[Saved entries]
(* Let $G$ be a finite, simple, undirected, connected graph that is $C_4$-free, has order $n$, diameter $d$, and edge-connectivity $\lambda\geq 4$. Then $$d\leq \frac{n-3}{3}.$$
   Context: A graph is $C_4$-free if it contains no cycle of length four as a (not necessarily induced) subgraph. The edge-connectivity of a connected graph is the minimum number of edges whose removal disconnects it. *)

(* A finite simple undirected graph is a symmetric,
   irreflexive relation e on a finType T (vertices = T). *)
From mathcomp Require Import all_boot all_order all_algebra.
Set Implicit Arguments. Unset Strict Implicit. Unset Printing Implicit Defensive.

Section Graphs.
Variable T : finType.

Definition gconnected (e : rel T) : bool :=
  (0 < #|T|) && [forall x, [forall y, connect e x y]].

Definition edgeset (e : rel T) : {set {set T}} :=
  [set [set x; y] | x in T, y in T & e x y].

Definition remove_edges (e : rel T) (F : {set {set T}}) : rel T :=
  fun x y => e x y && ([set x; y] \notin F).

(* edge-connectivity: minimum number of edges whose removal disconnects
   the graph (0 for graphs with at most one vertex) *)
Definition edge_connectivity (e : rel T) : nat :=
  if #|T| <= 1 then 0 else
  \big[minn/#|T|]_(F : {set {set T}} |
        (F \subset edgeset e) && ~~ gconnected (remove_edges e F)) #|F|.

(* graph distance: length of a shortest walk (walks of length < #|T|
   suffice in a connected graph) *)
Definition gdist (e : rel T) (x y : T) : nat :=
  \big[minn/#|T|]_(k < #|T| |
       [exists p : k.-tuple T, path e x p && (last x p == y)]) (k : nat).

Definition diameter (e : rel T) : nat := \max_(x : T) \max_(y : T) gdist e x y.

**WHAT TO PRODUCE:**
Only the lines from the one with "Definition edgeset (e" through the last line above should be restated, word for word.

**RESPONSE BELOW:**
Definition edgeset (e : rel T) : {set {set T}} :=
  [set [set x; y] | x in T, y in T & e x y].

Definition remove_edges (e : rel T) (F : {set {set T}}) : rel T :=
  fun x y => e x y && ([set x; y] \notin F).

(* edge-connectivity: minimum number of edges whose removal disconnects
   the graph (0 for graphs with at most one vertex) *)
Definition edge_connectivity (e : rel T) : nat :=
  if #|T| <= 1 then 0 else
  \big[minn/#|T|]_(F : {set {set T}} |
        (F \subset edgeset e) && ~~ gconnected (remove_edges e F)) #|F|.

(* graph distance: length of a shortest walk (walks of length < #|T|
   suffice in a connected graph) *)
Definition gdist (e : rel T) (x y : T) : nat :=
  \big[minn/#|T|]_(k < #|T| |
       [exists p : k.-tuple T, path e x p && (last x p == y)]) (k : nat).

Definition diameter (e : rel T) : nat := \max_(x : T) \max_(y : T) gdist e x y.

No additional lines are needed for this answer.